Идейным и художественным антиподом Хайнлайна можно считать К. Саймака, в романах и рассказах которого, написанных в 60-х годах («Пересадочная станция», «Все живое», «Необъятный двор» и др.), нашли свое органическое развитие мягкий и добрый гуманизм, вера в имманентную близость гомо сапиенс всему живому и разумному. Но и в этом случае трудно говорить о прогрессе: все то, что поражало новизною, филигранностью исполнения, пафосом и интеллектуальной мощью в 50-е годы (например, в романе «Город»), десятилетием спустя утратило свою силу и актуальность. Даже простой, лаконичный, «милый» саймаковский язык в настоящее время выглядит анахроничным, особенно на фоне отточенной стилистики его молодых коллег.

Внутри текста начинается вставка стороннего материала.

(* Let $\mathcal X$ be a proper CAT(0) cube complex on which $G$ acts properly and cocompactly. Let $Y_1,Y_2$ be convex subcomplexes of $\mathcal X$ and let $G_i=\mathrm{Stab}_G(Y_i)$, and suppose $G_i$ acts cocompactly on $Y_i$ for $i=1,2$. Then $G_1$ and $G_2$ are commensurable if and only if the $G_1$-essential core $\widehat{Y_1}$ and the $G_2$-essential core $\widehat{Y_2}$ are parallel.
   Context: Two convex subcomplexes are parallel if exactly the same hyperplanes intersect them. A hyperplane $H$ crossing a convex subcomplex $F$ is $G'$-essential (for $G'$ preserving $F$) if for any $0$-cube $x\in F$, each halfspace of $H$ contains points of $G'x$ arbitrarily far from $H$; $G'$ acts essentially on $F$ if every hyperplane crossing $F$ is $G'$-essential. If $G'$ acts cocompactly on $F$, the $G'$-essential core $\widehat F_{G'}$ is a $G'$-invariant convex subcomplex of $F$ at finite Hausdorff distance from $F$, crossed exactly by the hyperplanes essential in $F$, on which $G'$ acts essentially and cocompactly (Caprace–Sageev); it is well defined up to parallelism. Subgroups are commensurable if their intersection has finite index in each. *)

(* CAT(0) cube complexes are modelled combinatorially through
   their 1-skeleta, i.e. median graphs (Chepoi/Roller); hyperplanes through
   Djokovic-Winkler classes of edges; halfspaces as the two sides of an edge. *)
From Stdlib Require Import Arith List Classical.
Set Implicit Arguments.

Section Graph.
Variable V : Type.
Variable adj : V -> V -> Prop.

Inductive Walk : V -> V -> nat -> Prop :=
| walk0 x : Walk x x 0
| walkS x y z n : adj x y -> Walk y z n -> Walk x z (S n).

Definition dist (x y : V) (n : nat) : Prop :=
  Walk x y n /\ forall m, Walk x y m -> n <= m.

Definition in_interval (x y z : V) : Prop :=
  exists a b c, dist x z a /\ dist z y b /\ dist x y c /\ a + b = c.

Definition median_graph : Prop :=
  (forall x y, adj x y -> adj y x) /\
  (forall x, ~ adj x x) /\
  (forall x y, exists n, Walk x y n) /\
  (forall x y z, exists m,
      (in_interval x y m /\ in_interval y z m /\ in_interval x z m) /\
      forall m', in_interval x y m' /\ in_interval y z m' /\ in_interval x z m' -> m' = m).

Definition locally_finite : Prop :=
  forall x, exists l : list V, forall y, adj x y -> In y l.

Definition proper_CAT0_cube_complex : Prop := median_graph /\ locally_finite.

(* convex subcomplexes = (nonempty) convex vertex sets; the subcomplex is the
   full subcomplex spanned by them *)
Definition convex_subcomplex (Y : V -> Prop) : Prop :=
  (exists y, Y y) /\ forall x y z, Y x -> Y y -> in_interval x y z -> Y z.

(* Djokovic-Winkler relation: edge ab and edge cd are dual to the same
   hyperplane *)
Definition theta (a b c d : V) : Prop :=
  exists ac bd ad bc, dist a c ac /\ dist b d bd /\ dist a d ad /\ dist b c bc /\
    ac + bd <> ad + bc.

Definition crosses (a b : V) (Y : V -> Prop) : Prop :=
  exists c d, Y c /\ Y d /\ adj c d /\ theta a b c d.

Definition parallel (Y Z : V -> Prop) : Prop :=
  forall a b, adj a b -> (crosses a b Y <-> crosses a b Z).

(* the halfspace of the hyperplane dual to (a,b) containing a *)
Definition halfspace (a b x : V) : Prop :=
  exists m n, dist x a m /\ dist x b n /\ m < n.

Definition far_from (a b : V) (n : nat) (y : V) : Prop :=
  forall z k, halfspace b a z -> dist y z k -> n <= k.

Definition finite_hausdorff (Y Z : V -> Prop) : Prop :=
  exists R, (forall y, Y y -> exists z k, Z z /\ dist y z k /\ k <= R) /\
            (forall z, Z z -> exists y k, Y y /\ dist z y k /\ k <= R).
End Graph.

Section Groups.
Variable G : Type.
Variable mul : G -> G -> G.
Variable inv : G -> G.
Variable e : G.

Definition is_group : Prop :=
  (forall x y z, mul x (mul y z) = mul (mul x y) z) /\
  (forall x, mul e x = x) /\ (forall x, mul x e = x) /\
  (forall x, mul (inv x) x = e) /\ (forall x, mul x (inv x) = e).

Definition finite_index (H K : G -> Prop) : Prop :=
  exists l : list G, forall k, K k -> exists s h, In s l /\ H h /\ k = mul s h.

Definition commensurable (H K : G -> Prop) : Prop :=
  finite_index (fun g => H g /\ K g) H /\ finite_index (fun g => H g /\ K g) K.

Variable V : Type.
Variable adj : V -> V -> Prop.
Variable act : G -> V -> V.

Definition is_graph_action : Prop :=
  (forall v, act e v = v) /\
  (forall g h v, act (mul g h) v = act g (act h v)) /\
  (forall g x y, adj x y <-> adj (act g x) (act g y)).

(* proper action on a locally finite complex: finite vertex stabilisers *)
Definition acts_properly : Prop :=
  forall v, exists l : list G, forall g, act g v = v -> In g l.

(* cocompact action of the subgroup G' on F: finitely many vertex orbits *)
Definition acts_cocompactly_on (G' : G -> Prop) (F : V -> Prop) : Prop :=
  exists l : list V, forall v, F v -> exists w g, In w l /\ G' g /\ v = act g w.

Исчерпала себя и основная концепция Саймака: галактический «детский сад», в котором землянам была уготована участь прилежных и исполнительных, но пассивных «приготовишек», слишком уж стал смахивать на утопию. Окружавшая писателя социальная действительность как-то не располагала к таким настроениям. Она требовала от человека показать все, на что он способен, — и сейчас, немедленно! — побуждала активно думать, действовать, а не ожидать помощи заоблачных «богов»…
Другая тема в творчестве Саймака, наметившаяся в романах «Закон оборотня» (1967) и «Заповедник гоблинов» (1968) (последний роман знают и любят советские читатели), продолжена, хотя и менее успешно, в последующих книгах — «Не в своем уме» (1970), «Игрушка судьбы» (1971), «Планета Шекспира» (1976) и других.[8] В этом цикле произведений достигает своего завершения идея гуманистического содружества — теперь уже человека в союзе с героями сказок, легенд, литературы разных народов. Мир, в котором люди живут и трудятся бок о бок с эльфами, драконами, гоблинами (кстати сказать, «прописанными» в реальности на основании естественнонаучных объяснений!) и даже с Шекспиром и Дон-Кихотом! — все это вновь заставляет отдать должное столь редкой в американской фантастике человечности Саймака. Он по-прежнему добр и приветлив, и его традиционные герои никогда не оставят в беде, приютят, накормят. Пусть даже и в ущерб себе, как это случилось в романе «Дети детей наших» (1974), где настоящее захлестнули миллионы беженцев из Будущего, подвергающегося смертельной опасности…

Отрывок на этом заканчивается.